11. Asking for handouts on your website about toys is about the lamest thing you could ever do.
12. Action figures should have the same range of movement they had in 1985.
13. Devils Due is the Live At Bukokan of G.I Joe, meaning it's terrible and ruined old things that didn't suck so bad.
14. Theres only like 3 G.I Joe sites worth a damn, and two of them are Smash The State and Broca Blutch. I don't know what the third one is, but 3 is a good number and gives me hope for this terrible fandom.
15. Dio Stories are usually completely awful.
16. Johnny Turk traded 4 HAVOCS for a Casio Keyboard and a copy of Lives In The Balance on tape.
17. Smash The State is the most important website about stupid action figures ever!
Saturday, October 11, 2008
Dear G.I. Joe fans...
Thanks too Last Best Angry Man I have now seen a dio story worse than those ones about god and bad Grand Slam customs. Mainly because it's about Werewolves, murder and poorly computer rendered bitches. It's like a song written by Glenn Danzig, except without great melodies and was made by probably a bigger jerk
"SLURP SLURP" indeed
Okay what the fuck?
I don't know what's worse the fact someone made this, or the fact decided the scantily clad woman should lose her clothing during decapitation.
Well that was something I never wanted too see but I did, and it was god awful. Fuck you whoever made this
Sunday, October 5, 2008
VACATION 08
Me and Johnny Wilks Turk are mad burnt out after writing about people we don't like almost daily for like 3 months so we're gonna be cool guys and take a break before we become jerks who don't write anything good and not know when to stop, because we'd probably have to move to New England for that to happen, and fuck that place.

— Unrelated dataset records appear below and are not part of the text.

Lemma simple_root_charP_imag eps a tau w :
  w <> 0 -> eps * a * cos (w * tau) = 1 - w ^ 2 -> a * sin (w * tau) = w ->
  w ^ 2 <> 1 - eps ^ 2 / 2 ->
  simple_root (charP eps a tau) (0, w).
Proof.
  intros Hw Hcos Hsin Hsimple; split.
  - unfold charP; rewrite Cexp_neg_imag_mul.
    unfold Cmult, Cminus, Cplus, Copp, RtoC; simpl; f_equal; nra.
  - eexists; split; [apply is_derive_charP|].
    rewrite Cexp_neg_imag_mul; unfold Cmult, Cminus, Cplus, Copp, RtoC; simpl.
    intros Hderiv; injection Hderiv as Hre Him.
    assert (Htau : eps * tau = 2).
    { apply (Rmult_eq_reg_l w); [|exact Hw]. nra. }
    assert (Hre' : tau * (1 - w ^ 2) = eps) by (rewrite <- Hcos; lra).
    apply Hsimple; nra.
Qed.

Lemma tau_of_spec eps a w j :
  eps <> 0 -> a <> 0 -> 0 < w ->
  (1 - w ^ 2) ^ 2 + eps ^ 2 * w ^ 2 = eps ^ 2 * a ^ 2 ->
  eps * a * cos (w * tau_of eps a w j) = 1 - w ^ 2 /\
  a * sin (w * tau_of eps a w j) = w.
Proof.
  intros Heps Ha Hw Hfreq; unfold tau_of.
  assert (Hea : eps * a <> 0) by (apply Rmult_integral_contrapositive; split; assumption).
  set (x := (1 - w ^ 2) / (eps * a)).
  assert (Hx : eps * a * x = 1 - w ^ 2) by (unfold x; field; split; assumption).
  assert (Hx2 : 1 - x² = (w / a)²).
  { apply (Rmult_eq_reg_l ((eps * a) ^ 2)); [|now apply pow_nonzero].
    transitivity (eps ^ 2 * w ^ 2).
    - replace ((eps * a) ^ 2 * (1 - x²)) with ((eps * a) ^ 2 - (eps * a * x) ^ 2)
        by (unfold Rsqr; ring).
      rewrite Hx, Rpow_mult_distr; lra.
    - unfold Rsqr; field; exact Ha. }
  assert (Hx_range : -1 <= x <= 1).
  { pose proof (Rle_0_sqr (w / a)); unfold Rsqr in *; split; nra. }
  assert (Hsin_acos : Rabs a * sin (acos x) = w).
  { rewrite sin_acos, Hx2, sqrt_Rsqr_abs, Rabs_div, (Rabs_pos_eq w) by lra.
    field; apply Rabs_no_R0, Ha. }
  destruct (Rlt_dec 0 a) as [Hpos|Hneg].
  - replace (w * (/ w * (acos x + 2 * INR j * PI))) with (acos x + 2 * INR j * PI)
      by (field; lra).
    rewrite cos_period, sin_period, cos_acos by exact Hx_range.
    rewrite <- (Rabs_pos_eq a) at 2 by lra.
    split; assumption.
  - replace (w * (/ w * (2 * PI - acos x + 2 * INR j * PI)))
      with (- acos x + 2 * INR (S j) * PI) by (rewrite S_INR; field; lra).
    rewrite cos_period, sin_period, cos_neg, sin_neg, cos_acos by exact Hx_range.
    rewrite Rabs_left in Hsin_acos by lra.
    split; [exact Hx | lra].
Qed.
Lemma acyclic_weighted_cover k (c : V -> nat) (W : {set V}) :
  (forall a b, e a b -> k <= c a + c b) ->
  exists2 S : {set V},
    forall a b, a \in W -> b \in W -> e a b -> (a \in S) || (b \in S) &
    k * #|S| <= \sum_(w in W) c w.
Proof.
move=> edge_weight; elim: {W}_.+1 {-2}W (ltnSn #|W|) => // n IH W cardW.
case: (pickP [pred ab : V * V | [&& ab.1 \in W, ab.2 \in W & e ab.1 ab.2]]) =>
    [[a b] /and3P[aW bW eab] | no_edge]; last first.
  exists set0; last by rewrite cards0 muln0.
  by move=> x y xW yW exy; move: (no_edge (x, y)); rewrite /= xW yW exy.
have [l [p [lW pW elp leaf]]] := acyclic_leaf aW bW eab.
have lp : l != p by apply: contraTneq elp => ->; rewrite e_irr.
have [|S' coverS' weightS'] := IH (W :\ p :\ l).
  move: cardW; rewrite (cardsD1 p W) pW (cardsD1 l (W :\ p)) !inE lp lW /=.
  by set m := #|_|; lia.
exists (p |: S').
  move=> x y xW yW exy; rewrite !inE.
  have [xl|xl] := eqVneq x l; first by subst x; rewrite (leaf y yW exy) eqxx orbT.
  have [yl|yl] := eqVneq y l; first by subst y; rewrite (leaf x xW) ?eqxx // e_sym.
  have [//|xp] := eqVneq x p; have [|yp] := eqVneq y p; first by rewrite orbT.
  by apply: coverS'; rewrite ?inE ?xl ?xp ?yl ?yp.
have -> : \sum_(w in W) c w = c l + c p + \sum_(w in W :\ p :\ l) c w.
  by rewrite (big_setD1 p pW) (big_setD1 l) ?inE ?lp ?lW //= addnCA addnA.
rewrite cardsU1 mulnDr leq_add // (leq_trans _ (edge_weight l p elp)) //.
by rewrite -{2}[k]muln1 leq_mul2l leq_b1 orbT.
Qed.

Lemma acyclic_vc_weight k (c : V -> nat) :
  (forall a b, e a b -> k <= c a + c b) -> k * vc e <= \sum_w c w.
Proof.
move=> /(acyclic_weighted_cover [set: V])[S coverS weightS].
have : is_vertex_cover e S.
  by apply/forallP=> a; apply/forallP=> b; apply/implyP; apply: coverS.
move=> /vc_leq_card/(leq_mul (leqnn k))/leq_trans; apply.
by apply: leq_trans weightS _; rewrite (eq_bigl xpredT) // => w; rewrite in_setT.
Qed.

Lemma acyclic_edge_cut u v : e u v -> exists A : {set V},
  [/\ u \in A, v \notin A &
      forall a b, e a b -> a \in A -> b \notin A -> (a == u) && (b == v)].
Proof.
move=> euv.
pose e' : rel V := fun a b => e a b && ~~ [|| (a == u) && (b == v) | (a == v) && (b == u)].
pose A := [set w | connect e' u w].
have vA : v \notin A.
  rewrite inE; apply/negP => /connectP[p pp].
  case: (shortenP pp) => p' pp' up' _.
  have hp : path e u p' by apply: sub_path pp' => a b /andP[].
  case: p' pp' up' hp => [|b [|c q]] pp' up' hp vq.
  - by rewrite vq e_irr in euv.
  - by move: pp'; rewrite /= in vq; rewrite -vq /= /e' !eqxx andbF.
  - by have := e_acyclic hp up' isT; rewrite -vq e_sym euv.
exists A; split=> //; first by rewrite inE connect0.
move=> a b eab aA bA; case e'ab: (e' a b).
  by move: aA bA; rewrite !inE => aA /negP[]; apply: connect_trans aA (connect1 e'ab).
move: e'ab; rewrite /e' eab => /negbFE /orP[// | /andP[/eqP av _]].
by rewrite -av aA in vA.
Qed.
End Forest.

So Smash The State is going on vacation for a little while, in the mean time you can read Broca Fucking Blutch or Buy This Guys Records
We'll be back to posting about how much we hate jerks sooner then later though, because jerks will be jerks.
Thursday, October 2, 2008
Someones gonna pay like 13 bucks for this
I really hope that pump is included to help neckbeards breathe after it hits them they spent like 10-13 bones on a figure that has less joint movements then the Han Solo figure from like 1978. How useful is a giant fucking pump in battle, is deep-six supposed to jump up and down on it and ruffle some papers Cobra has or blow wind in there faces so they get all uncomfortable? This crazyass jerk is also packaged with a Rock N Roll that can accually move his damn arms so hes weighing down a figure with an inferior body style but is a cool dude, so fuck this guy!
Wednesday, October 1, 2008
Economic Crisis M-m-m-megapost! (accually this shit is about the DIC cartoon)
Even Cobra cannot escape monetary problems! SIGN OF THE TIMES? Nah this shit was like 1992, Resolute could never even hope to be as brilliant as the DIC cartoon. Unless the Resolute intro has Heavy Duty ELBOW DROPPING THE FUCKING WATER:
Cartoons about toys are pretty lame anyway but back in the early 90's when I had no job I'd get up on Saturday mornings, smoke a few joints and watch the DIC cartoon, so that makes it better then the Sunbow one by default.